(* Let $G=K_{r_1,\dots,r_k}$ with partition sets $X_1,\dots,X_k$ ($|X_i|=r_i$), and assume $|V(G)|$ is odd. Let $\mathcal X=\{X_1,\dots,X_k\}$. Then $G$ has a good bisection if and only if $\mathcal X$ has a good subset.
   Context: A bisection of a graph $G$ is a bipartite spanning subgraph $H$ of $G$ with partition sets $V_1,V_2$ (every edge of $H$ joins $V_1$ and $V_2$) with $||V_1|-|V_2||\le 1$. It is good if $2d_H(v)\ge d_G(v)-1$ for every $v\in V(G)$. Let $\mathcal S_1=\{X_i: |X_i| \text{ odd}\}$ and $\mathcal S_0=\{X_i:|X_i|\text{ even}\}$. For $\mathcal A\subseteq\mathcal X$ let $s(\mathcal A)=\sum_{X_i\in\mathcal A}|X_i|$. A subset $\mathcal A\subseteq\mathcal X$ is good if there exist $\mathcal A'\subseteq\mathcal A$ and an integer $n$ with $0\le n\le|\mathcal S_0\setminus\mathcal A|$ such that $s(\mathcal A')=s(\mathcal A)/2+(m+2n-1)/2$, where $m=|\mathcal S_1\setminus\mathcal A|$. *)

From mathcomp Require Import all_boot.
Set Implicit Arguments. Unset Strict Implicit. Unset Printing Implicit Defensive.

(* Complete multipartite graph K_{r_1,...,r_k} on the finite vertex type T:
   the partition set X_i is the set of vertices v with part v = i, and two
   vertices are adjacent iff they lie in different partition sets. *)
Definition partset (T : finType) (k : nat) (part : T -> 'I_k) (i : 'I_k) : {set T} :=
  [set v | part v == i].

Definition cmp_adj (T : finType) (k : nat) (part : T -> 'I_k) : rel T :=
  fun x y => part x != part y.

Definition deg (T : finType) (e : rel T) (v : T) : nat := #|[set y | e v y]|.

(* H (edge relation h) is a bisection of G (edge relation g) with partition
   sets V1 and V2 = ~: V1 : a bipartite spanning subgraph of G (every edge of H
   is an edge of G and joins V1 and V2), with ||V1| - |V2|| <= 1. *)
Definition is_bisection (T : finType) (g h : rel T) (V1 : {set T}) : Prop :=
  (forall x y, h x y = h y x) /\
  (forall x y, h x y -> g x y) /\
  (forall x y, h x y -> (x \in V1) != (y \in V1)) /\
  (#|V1| <= #|~: V1| + 1) /\ (#|~: V1| <= #|V1| + 1).

(* good: 2 d_H(v) >= d_G(v) - 1 for every vertex v (over the integers,
   i.e. 2 d_H(v) + 1 >= d_G(v)). *)
Definition good_bisection (T : finType) (g h : rel T) (V1 : {set T}) : Prop :=
  is_bisection g h V1 /\ (forall v, deg g v <= 2 * deg h v + 1).

Definition s_of (k : nat) (r : 'I_k -> nat) (A : {set 'I_k}) : nat :=
  \sum_(i in A) r i.

Definition S1 (k : nat) (r : 'I_k -> nat) : {set 'I_k} := [set i | odd (r i)].
Definition S0 (k : nat) (r : 'I_k -> nat) : {set 'I_k} := [set i | ~~ odd (r i)].

(* A is good iff there are A' \subset A and n with 0 <= n <= |S_0 \ A| such
   that s(A') = s(A)/2 + (m + 2n - 1)/2, m = |S_1 \ A|.  Multiplying by 2
   (an exact equivalence over the rationals) this reads
   2 s(A') + 1 = s(A) + m + 2n, stated in nat. *)
Definition good_subset (k : nat) (r : 'I_k -> nat) (A : {set 'I_k}) : Prop :=
  exists (A' : {set 'I_k}) (n : nat),
    A' \subset A /\ n <= #|S0 r :\: A| /\
    2 * s_of r A' + 1 = s_of r A + #|S1 r :\: A| + 2 * n.

(* Let S be the smaller side of a bisection, so 2|S| + 1 = |V|, and split
   each part X_i into s_i vertices in S and l_i outside.  Keeping every edge
   of G between the sides is optimal, and then a vertex of X_i is good iff
   l_i <= s_i + 2 (vertex in S) or s_i <= l_i (vertex outside S).  So each
   part is either not split at all, or split as evenly as possible, or (for
   even r_i) split r_i/2 - 1 : r_i/2 + 1.  Recording the unsplit parts as A,
   those inside S as A', and the uneven even splits as a set of size n, the
   equation 2|S| + 1 = |V| becomes exactly 2 s(A') + 1 = s(A) + m + 2n. *)
From mathcomp Require Import all_boot zify.
Set Implicit Arguments.
Unset Strict Implicit.
Unset Printing Implicit Defensive.

Lemma exists_subset_card (T : finType) (B : {set T}) n :
  n <= #|B| -> exists2 D : {set T}, D \subset B & #|D| = n.
Proof.
rewrite -bin_gt0 -cards_draws card_gt0 => /set0Pn [D].
by rewrite inE => /andP [sDB /eqP cD]; exists D.
Qed.

Lemma deg_subrel (T : finType) (e e' : rel T) v :
  (forall x y, e x y -> e' x y) -> deg e v <= deg e' v.
Proof.
by move=> ee'; apply/subset_leq_card/subsetP => y; rewrite !inE => /ee'.
Qed.

Lemma bisection_small_side (T : finType) (g h : rel T) (V1 : {set T}) :
  is_bisection g h V1 -> odd #|T| ->
  exists2 S : {set T}, 2 * #|S| + 1 = #|T| &
    forall x y, h x y -> (x \in S) != (y \in S).
Proof.
case=> _ [_ [crossV1 [le1 le2]]] oddT; have cardC := cardsC V1.
have [ltV1|geV1] := ltnP #|V1| #|~: V1|.
- by exists V1 => //; move: oddT; rewrite -cardC; lia.
- exists (~: V1) => [|x y /crossV1]; first by move: oddT; rewrite -cardC; lia.
  by rewrite !inE; case: (x \in V1); case: (y \in V1).
Qed.

(* A part split into [s] vertices on the smaller side and [l] on the larger one
   leaves all of its vertices good. *)
Definition split_ok (s l : nat) : bool :=
  ((0 < s) ==> (l <= s + 2)) && ((0 < l) ==> (s <= l)).

(* [c i] vertices of the part of size [r i] go to the smaller side. *)
Definition good_split (k : nat) (r c : 'I_k -> nat) : Prop :=
  [/\ forall i, c i <= r i, forall i, split_ok (c i) (r i - c i)
    & 2 * \sum_(i < k) c i + 1 = \sum_(i < k) r i].

Section CompleteMultipartite.

Variables (T : finType) (k : nat) (part : T -> 'I_k).
Local Notation X := (partset part).
Local Notation G := (cmp_adj part).

Lemma sum_card_setI_partset (B : {set T}) : \sum_(i < k) #|B :&: X i| = #|B|.
Proof.
rewrite -sum1_card (partition_big part predT) //=.
by apply: eq_bigr => i _; rewrite -sum1_card; apply: eq_bigl => v; rewrite !inE.
Qed.

Lemma sum_card_partset : \sum_(i < k) #|X i| = #|T|.
Proof.
rewrite -cardsT -(sum_card_setI_partset setT).
by apply: eq_bigr => i _; rewrite setTI.
Qed.

Lemma deg_cmp_adj v : deg G v = #|T| - #|X (part v)|.
Proof.
rewrite -(cardsC (X (part v))) addKn /deg.
by apply: eq_card => y; rewrite !inE /cmp_adj eq_sym.
Qed.

Lemma cardsD_partset (B : {set T}) i : #|B :\: X i| = #|B| - #|B :&: X i|.
Proof. by rewrite -(cardsID (X i) B) addKn. Qed.

Definition cross_adj (S : {set T}) : rel T :=
  fun x y => G x y && ((x \in S) != (y \in S)).

Lemma deg_cross_adj S v :
  deg (cross_adj S) v = if v \in S then #|~: S| - #|~: S :&: X (part v)|
                        else #|S| - #|S :&: X (part v)|.
Proof.
rewrite -!cardsD_partset /deg /cross_adj /cmp_adj.
by case: (v \in S); apply: eq_card => y; rewrite !inE eq_sym; case: (y \in S).
Qed.

Lemma card_setI_partset_split (S : {set T}) i :
  #|S :&: X i| + #|~: S :&: X i| = #|X i|.
Proof. by rewrite -(cardsID S (X i)) setDE !(setIC (X i)). Qed.

Section SmallSide.

Variable S : {set T}.
Hypothesis card_S : 2 * #|S| + 1 = #|T|.

Lemma good_cross_adjE v :
  (deg G v <= 2 * deg (cross_adj S) v + 1) =
  (if v \in S then #|~: S :&: X (part v)| <= #|S :&: X (part v)| + 2
   else #|S :&: X (part v)| <= #|~: S :&: X (part v)|).
Proof.
have := card_setI_partset_split S (part v); have := cardsC S.
have := subset_leq_card (subsetIl S (X (part v))).
have := subset_leq_card (subsetIl (~: S) (X (part v))).
rewrite deg_cmp_adj deg_cross_adj; case: (v \in S); lia.
Qed.

Lemma good_cross_adj_split_ok :
  (forall v, deg G v <= 2 * deg (cross_adj S) v + 1) <->
  (forall i, split_ok #|S :&: X i| #|~: S :&: X i|).
Proof.
split=> [good i | ok v].
- apply/andP; split; apply/implyP; rewrite card_gt0 => /set0Pn [v];
    rewrite !inE => /andP [vS /eqP <-]; have := good v;
    by rewrite good_cross_adjE ?vS ?(negbTE vS).
- rewrite good_cross_adjE; have /andP [/implyP okS /implyP okC] := ok (part v).
  case vS: (v \in S); [apply: okS | apply: okC];
    by rewrite card_gt0; apply/set0Pn; exists v; rewrite !inE vS /=.
Qed.

End SmallSide.

Lemma good_bisection_split_ok : odd #|T| ->
  (exists (h : rel T) (V1 : {set T}), good_bisection G h V1) <->
  exists2 S : {set T}, 2 * #|S| + 1 = #|T| &
    forall i, split_ok #|S :&: X i| #|~: S :&: X i|.
Proof.
move=> oddT; split=> [[h [V1 [bisV1 good]]] | [S card_S ok]].
- have [S card_S crossS] := bisection_small_side bisV1 oddT.
  exists S => //; apply/(good_cross_adj_split_ok card_S) => v.
  apply: leq_trans (good v) _; rewrite leq_add2r leq_mul2l /=.
  apply: deg_subrel => x y hxy; apply/andP; split; last exact: crossS.
  by have [_ [hG _]] := bisV1; apply: hG.
- exists (cross_adj S), S; split; last exact/good_cross_adj_split_ok.
  have := cardsC S; split; [|split; [|split]].
  + by move=> x y; rewrite /cross_adj /cmp_adj eq_sym [(x \in S) == _]eq_sym.
  + by move=> x y /andP [].
  + by move=> x y /andP [].
  + lia.
Qed.

Lemma exists_setI_partset_card (c : 'I_k -> nat) :
  (forall i, c i <= #|X i|) -> exists S : {set T}, forall i, #|S :&: X i| = c i.
Proof.
move=> le_c.
have [D sDX cardD] := fin_all_exists2 (fun i => exists_subset_card (le_c i)).
exists [set v | v \in D (part v)] => i; rewrite -cardD.
apply: eq_card => v; rewrite !inE.
case: (part v =P i) => [<- | ne]; first by rewrite andbT.
by rewrite andbF; apply/esym/negP => /(subsetP (sDX i)); rewrite inE => /eqP.
Qed.

Lemma exists_split_set_good_split :
  (exists2 S : {set T}, 2 * #|S| + 1 = #|T| &
     forall i, split_ok #|S :&: X i| #|~: S :&: X i|) <->
  exists c, good_split (fun i => #|X i|) c.
Proof.
have splitC S i : #|~: S :&: X i| = #|X i| - #|S :&: X i|.
  by rewrite -(card_setI_partset_split S i) addKn.
split=> [[S card_S ok] | [c [le_c ok sum_c]]].
- exists (fun i => #|S :&: X i|); split=> [i | i |].
  + by rewrite -(card_setI_partset_split S i) leq_addr.
  + by rewrite -splitC.
  + by rewrite sum_card_setI_partset sum_card_partset.
- have [S cardS] := exists_setI_partset_card le_c.
  exists S => [|i]; last by rewrite splitC cardS.
  rewrite -sum_card_partset -sum_c -(sum_card_setI_partset S).
  by under eq_bigr do rewrite cardS.
Qed.

End CompleteMultipartite.

Section Counting.

Variables (k : nat) (r : 'I_k -> nat).

Lemma s_of_sum_mem (A : {set 'I_k}) : s_of r A = \sum_(i < k) (i \in A) * r i.
Proof. by rewrite /s_of big_mkcond; apply: eq_bigr => i _; rewrite mulnbl. Qed.

Lemma card_sum_mem (A : {set 'I_k}) : #|A| = \sum_(i < k) (i \in A).
Proof.
by rewrite -sum1_card big_mkcond; apply: eq_bigr => i _; case: (i \in A).
Qed.

Lemma sum_count_identity (A A' D : {set 'I_k}) (c : 'I_k -> nat) :
  (forall i, 2 * ((i \in A') * r i) + r i =
             (i \in A) * r i + (i \in S1 r :\: A) + 2 * (i \in D) + 2 * c i) ->
  (2 * \sum_(i < k) c i + 1 = \sum_(i < k) r i) <->
  (2 * s_of r A' + 1 = s_of r A + #|S1 r :\: A| + 2 * #|D|).
Proof.
move=> count_i.
have : \sum_(i < k) (2 * ((i \in A') * r i) + r i) =
       \sum_(i < k) ((i \in A) * r i + (i \in S1 r :\: A) + 2 * (i \in D) + 2 * c i).
  by apply: eq_bigr => i _; apply: count_i.
rewrite !big_split /= big1_eq -!s_of_sum_mem -!card_sum_mem.
(* generalizing the sums keeps [lia] from looking inside them *)
move: (s_of r A) (s_of r A') #|S1 r :\: A| #|D|.
move: (\sum_(i < k) c i) (\sum_(i < k) r i).
move=> ??????; lia.
Qed.

Lemma good_subset_of_good_split c : good_split r c -> exists A, good_subset r A.
Proof.
case=> le_c ok sum_c.
pose A := [set i | (c i == 0) || (c i == r i)].
pose A' := [set i | c i == r i].
pose D := [set i | (i \notin A) && (2 * c i + 2 == r i)].
exists A, A', #|D|; split; [|split].
- by apply/subsetP => i; rewrite !inE => ->; rewrite orbT.
- apply/subset_leq_card/subsetP => i; rewrite !inE => /andP [-> /eqP <-] /=.
  by rewrite addn2 /= oddM.
- apply/(sum_count_identity (c := c)) => // i; rewrite !inE.
  move: (le_c i) (ok i) (odd_double_half (r i)); rewrite /split_ok.
  by case: odd => /=; lia.
Qed.

Lemma good_split_of_good_subset A :
  (forall i, 0 < r i) -> good_subset r A -> exists c, good_split r c.
Proof.
move=> r_gt0 [A' [n [sA'A [le_n sum_A]]]].
have [D sD cardD] := exists_subset_card le_n.
pose c i :=
  if i \in A' then r i else if i \in A then 0 else (r i)./2 - (i \in D).
have count_i i : [/\ c i <= r i, split_ok (c i) (r i - c i) &
  2 * ((i \in A') * r i) + r i =
  (i \in A) * r i + (i \in S1 r :\: A) + 2 * (i \in D) + 2 * c i].
  have := subsetP sD i; have := subsetP sA'A i; rewrite /c /split_ok !inE.
  move: (r_gt0 i) (odd_double_half (r i)).
  by case: (i \in A'); case: (i \in A); case: (i \in D); case: odd => /=;
    split; lia.
exists c; split=> [i | i |]; try by case: (count_i i).
apply/(sum_count_identity (A := A) (A' := A') (D := D)); rewrite ?cardD // => i.
by case: (count_i i).
Qed.

End Counting.

Theorem proposition3p3 (T : finType) (k : nat) (part : T -> 'I_k)
  (Hnonempty : forall i : 'I_k, exists v : T, part v = i)
  (Hodd : odd #|T|) :
  (exists (h : rel T) (V1 : {set T}), good_bisection (cmp_adj part) h V1) <->
  (exists A : {set 'I_k},
      good_subset (fun i : 'I_k => #|partset part i|) A).
Proof.
rewrite good_bisection_split_ok // exists_split_set_good_split.
split=> [[c] | [A]]; first exact: good_subset_of_good_split.
apply: good_split_of_good_subset => i /=.
have [v <-] := Hnonempty i.
by rewrite card_gt0; apply/set0Pn; exists v; rewrite inE.
Qed.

*EXERCISE*
The required answer is the exact run of lines above starting at the line with "Definition partset (T" and ending at the line with "fun x y => part x != part y.", with both ends present.

*ANSWER TO THIS TASK*
Definition partset (T : finType) (k : nat) (part : T -> 'I_k) (i : 'I_k) : {set T} :=
  [set v | part v == i].

Definition cmp_adj (T : finType) (k : nat) (part : T -> 'I_k) : rel T :=
  fun x y => part x != part y.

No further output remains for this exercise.